ATTENTION ALL TEENAGERS. IT IS ABSOLUTELY VITAL TO
YOUR MENTAL HEALTH THAT YOU READ THE FOLLOWING COLUMN.
INDEED, IF I WAS YOU, I WOULD FORWARD IT TO ALL YOUR ‘FRIENDS’ IN
YOUR WEIRD SOCIAL NETWORKING GROUPS. IT MIGHT JUST GET THEM
INTO COLLEGE, WHERE THEY’LL MEET LOTS OF OTHER FREAKS.

There has been widespread consternation across Great Britain this week
after a
shocking survey conducted by UKTV Gold confirmed that one
third of British teenagers are – and I quote here directly from the
survey’s damning conclusion – “thicker than a frozen McDonald’s
milkshake loaded with five quarts of cement”.

The survey asked 3,000 of Britain’s smartest under-twenties (defined as
“those able to tie their own Velcro laces”) to distinguish between reality
and fiction, and – this is the truly AMAZING part – nearly two-thirds of
them actually managed it! (Things sure have changed since I was a
teen.)

Nevertheless, the media being what it is,* this hopeful message got lost
amid the hysterically hysterical hysteria born of the discovery that a
whopping chunk of young adults – the future leaders of tomorrow, the
kids we are relying on to keep the world in good economic health and
look after us when we’ve soiled our incontinence nappies – think the
following list of people are made-up fictional figments of some loony
writer’s imagination:

  • Winston Churchill
  • Florence Nightingale
  • Tony Blair
  • Spongebob Squarepants

And as if this wasn’t bad enough, here is a list of people who a great
chunk of young adults – the future leaders of tomorrow, the pimply
snots we are relying on to keep the world in sound economic health and
clean us up when we’ve cacked in our onesies – think are boring old
college friends of their parents:

  • Sherlock Holmes
  • Eleanor Rigby
  • Tony Blair
  • Batman

This alarming news, which I’m sure you’ll agree is extremely alarming,
invites us to ask several key questions which I am now going to list in
bullet points again, for dramatic effect:

  • Are you kidding me?
  • What kind of numpties are we raising these days?
  • Which fictional characters are we talking about anyhow?
  • Danger Mouse?
  • Or someone more sophisticated, like the special needs one in Of
    Mice and Men?
  • Who’s Winston Churchill?

As a cosmetic remedy to this growing crisis, this column, ever keen to
play its part in educating dim young minds, has decided to reveal, for
probably the first time in many of your lives, the
true story of Winston
Churchill (and his gerbil companion, Clarence). That way, while many of
you may carry on believing that Batman is coming to a family dinner
party this weekend, you will at the very least be able to bluff your way
through a class on the Second World War and eventually take a first in
History at Oxford (which will prove of no use whatsoever, but there you
go).


The Basic Facts About Winston Churchill

Winston Churchill, the third daughter of Gengis and Ginger Khan, was
born in Milton Keynes, England, in the fourth quarter of the fiscal year
1804.

The young Churchill immediately showed a passionate distaste for Nazis
when he refused to take his mother’s breast. (AUTHOR’S NOTE: I am not
entirely sure how this shows a passionate distaste for Nazis, but all the
leading historians are agreed on this issue, so who am I to argue?)

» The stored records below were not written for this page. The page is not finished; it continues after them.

Lemma card_cent_gt : (2 ^ l < #|'C_G[h]%g|)%N.
Proof.
have classG : (#|'C_G[h]%g| * #|(h ^: G)%g| = #|G|)%N.
  by rewrite -index_cent1 Lagrange ?subsetIl.
have class_le : (#|(h ^: G)%g| <= 2 ^ (e - l))%N.
  by rewrite -card_commg card_class_le_commg.
have pos : (0 < 2 ^ (e - l))%N by rewrite expn_gt0.
rewrite -(ltn_pmul2r pos) -expnD subnKC ?(ltnW lt_l_e) //.
by rewrite (leq_trans G_big) // -classG leq_mul2l class_le orbT.
Qed.

(* Left multiplication by h, of shift 1, turns odd shifts into even ones. *)
Lemma card_cent_odd_le (K := [set p | dvd2 1 (shift p)]) :
  (#|'C_G[h]%g :\: K| <= #|'C_G[h]%g :&: K|)%N.
Proof.
rewrite -(card_imset _ (mulgI h)); apply/subset_leq_card/subsetP.
move=> _ /imsetP[q /setDP[qC odd_q] ->]; rewrite inE in odd_q.
have hC : h \in 'C_G[h]%g by rewrite inE hG cent1id.
have qG : q \in G by case/setIP: qC.
rewrite inE groupM //= inE shiftM // shift_h mulr1.
have -> : shift q + slope q = (shift q - 1) + (slope q - 1) + 2%:R ^+ 1 * 1 by ring.
by apply: dvd2D (dvd2_exp2 1 1); apply: dvd2D (dvd2_1_subr1 odd_q) (slope_sub1_even qG).
Qed.

Lemma exists_cent_valuation :
  exists2 g, g \in 'C_G[h]%g & dvd2 1 (shift g) && ~~ dvd2 (e - l).+1 (shift g).
Proof.
suff : ~~ [forall g in 'C_G[h]%g, dvd2 1 (shift g) ==> dvd2 (e - l).+1 (shift g)].
  by rewrite negb_forall_in => /exists_inP[g gC]; rewrite negb_imply; exists g.
apply: contraTN card_cent_gt => /forall_inP high; rewrite -leqNgt.
set K := [set p | dvd2 1 (shift p)].
have even_le : (#|'C_G[h]%g :&: K| <= 2 ^ l.-1)%N.
  have shift_inj : {in 'C_G[h]%g :&: K &, injective shift}.
    by apply: sub_in2 cent_inj => g /setIP[].
  rewrite -(card_in_imset shift_inj) -subn1 -(subKn (ltnW lt_l_e)) -subnDA addn1.
  rewrite (leq_trans _ (card_dvd2 _)) ?subn_gt0 //;
    last by rewrite ltn_subrL e_gt0 valuation_gt0.
  apply/subset_leq_card/subsetP => _ /imsetP[g /setIP[gC even_g] ->].
  by rewrite inE in even_g; rewrite inE (implyP (high g gC) even_g).
rewrite -(cardsID K 'C_G[h]%g) (leq_trans (leq_add (leqnn _) card_cent_odd_le)) //.
rewrite addnn -mul2n.
by rewrite -[in X in (_ <= X)%N](prednK valuation_gt0) expnS leq_mul2l.
Qed.

Lemma exists_center_order : exists2 g, g \in 'Z(G)%g & #[g]%g = (2 ^ l)%N.
Proof.
have [g gC /andP[even_g high_g]] := exists_cent_valuation.
have gG : g \in G by case/setIP: gC.
have shift_g_neq0 : shift g != 0 by apply: contraNneq high_g => ->; apply: dvd20.
have [s [v [v_unit lt_s_e shift_g]]] := Zp2_decomp e_gt0 shift_g_neq0.
have le_s : (s <= e - l)%N.
  by rewrite leqNgt; apply: contra high_g => lt_s; rewrite shift_g (dvd2W lt_s) ?dvd2_exp2.
have [v' v'_unit] :=
  shift_expg2X (e - l - s) gG (cent_slope_1mod4 gC even_g) v_unit shift_g.
rewrite subnKC //; set g' := (g ^+ _)%g => shift_g'.
have g'C : g' \in 'C_G[h]%g by rewrite groupX.
have g'G : g' \in G by case/setIP: g'C.
exists g'.
  apply/centerP; split=> // q qG; apply/(commute_cshift g'G qG).
  rewrite cshiftE cent_cshift // mul0r sub0r shift_g'.
  have /dvd2P[y ->] := dvd_cshift qG.
  by rewrite mulrACA -exprD subnKC ?(ltnW lt_l_e) // exp2e_eq0 // mul0r oppr0.
have even_g' : dvd2 1 (shift g').
  by rewrite shift_g' (dvd2W _ (dvd2_exp2 _ _)) // subn_gt0.
have shift_g'X j :=
  shift_expg2X j g'G (cent_slope_1mod4 g'C even_g') v'_unit shift_g'.
apply: order_pfactor valuation_gt0 _ _ => //.
  have [w w_unit shift_w] := shift_g'X l.
  apply: cent_inj; rewrite ?groupX ?group1 // shift1 shift_w.
  by apply/eqP; rewrite mul_exp2_unit_eq0 // subnK // ltnW.
have [w w_unit shift_w] := shift_g'X l.-1.
apply/eqP => /(congr1 shift)/eqP; rewrite shift1 shift_w mul_exp2_unit_eq0 //.
by have := valuation_gt0; clear -lt_l_e; lia.
Qed.

Lemma card_center : #|'Z(G)%g| = (2 ^ l)%N.
Proof.
have [g gZ og] := exists_center_order.
apply/eqP; rewrite eqn_leq card_center_le -og subset_leq_card //.
by rewrite cycle_subG.
Qed.

End MinValuation.
End Pow2Holomorph.

Theorem lemma5p6 (e : nat) (gT : finGroupType) (G : {group {perm gT}}) :
  (2 <= e)%N -> cyclic [set: gT] -> #|gT| = (2 ^ e)%N ->
  G \subset holomorph gT -> hol_transitive G -> ~~ hol_regular G ->
  (#|'Z(G)| * #|[~: G, G]|)%N = (2 ^ e)%N.
Proof.
move=> le2e /cyclicP[z genz] cardT GH trG nrG.
have e_gt0 : (0 < e)%N by apply: leq_trans le2e.
have oz : #[z] = (2 ^ e)%N by rewrite /order -genz cardsT.
have n_gt1 := exp2_gt1 e_gt0.
have [h hG shift_h] := hol_transitive_shift1 n_gt1 oz genz trG.
have [s sG [s1 s_neq1]] := hol_nonregular_stab trG nrG.
pose f p := cshift (2 ^ e) z p h.
have [l [lt_l_e dvd_f [u u_unit /imsetP[g0 g0G cshift_g0]]]] :=
  exists_min_valuation e_gt0 (imset_f f sG)
    (stab_cshift_neq0 e_gt0 oz genz GH shift_h sG s1 s_neq1).
have {}dvd_f : {in G, forall p, dvd2 l (f p)} by move=> p pG; apply/dvd_f/imset_f.
have G_big : (2 ^ e < #|G|)%N by rewrite -cardT hol_nonregular_card.
rewrite (card_center e_gt0 oz genz GH hG shift_h lt_l_e dvd_f g0G u_unit
                    (esym cshift_g0) G_big).
rewrite (card_commg e_gt0 oz genz GH hG shift_h lt_l_e dvd_f g0G u_unit (esym cshift_g0)).
by rewrite -expnD subnKC // ltnW.
Qed.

At the age of three, Churchill was recruited into Her Majesty’s Armed
Forces, as a goalkeeper. After a particularly dismal display against a
vicious team of nannies, he was dispatched to the Sudan, alone, from
where he wrote his famous “Get Me The Bugger Out of Here!” letters.

To pass the time, Churchill developed one of the world’s leading speech
impediments and would regularly podium in regional Sudanese stuttering
contests. The rest of the time he was drunk.

After a daring hot-air balloon ride back to the shores of Blighty, Churchill
stood for Parliament as the Conservative candidate for Minge Eton. He
was elected by a landslide (the landslide fell onto Minge Eton’s only
polling booth, killing everyone inside, and Churchill won by default).

Throughout his life, Churchill was a passionate supporter of a woman’s
right to vote. That woman was his wife, Lady Hillchurch of Tariff Reform.

Once the First World War had come to an end, and Churchill had climbed
out from under his desk, he immediately declared his appetite for “a new
War, involving lots of the same people.” He got his wish only twenty
years later (by which time he was 135 years-old and struggling to keep
up his lifelong addiction to bungee jumping) when a man called Adolf
Hitler shot the Archduke Franz Ferdinand in a place called ‘Pearl Harbor’
(without a ‘u’).

The war lasted forty years and forty nights and was eventually won by
Churchill when he dropped the Atom Bomb on Milton Keynes, killing the
papier-mâché cow. The Nazis surrendered and built the Cabinet War
Rooms as a constant reminder to humanity of the horrors of lukewarm
tea.

Churchill was immediately thrown from office by the socialist British
voters who never forgave him for shooting all the Welsh miners back in
the seventeenth century, but the old bulldog honourably agreed to
stand as his own statue in Parliament Square for five years while the
bronze version was being sculpted.

Churchill died in 1989, two days before the release of
Back to the Future
II
. His casket was carried to the movie premiere, and his famous cigars
confiscated by the local council, on grounds of public health.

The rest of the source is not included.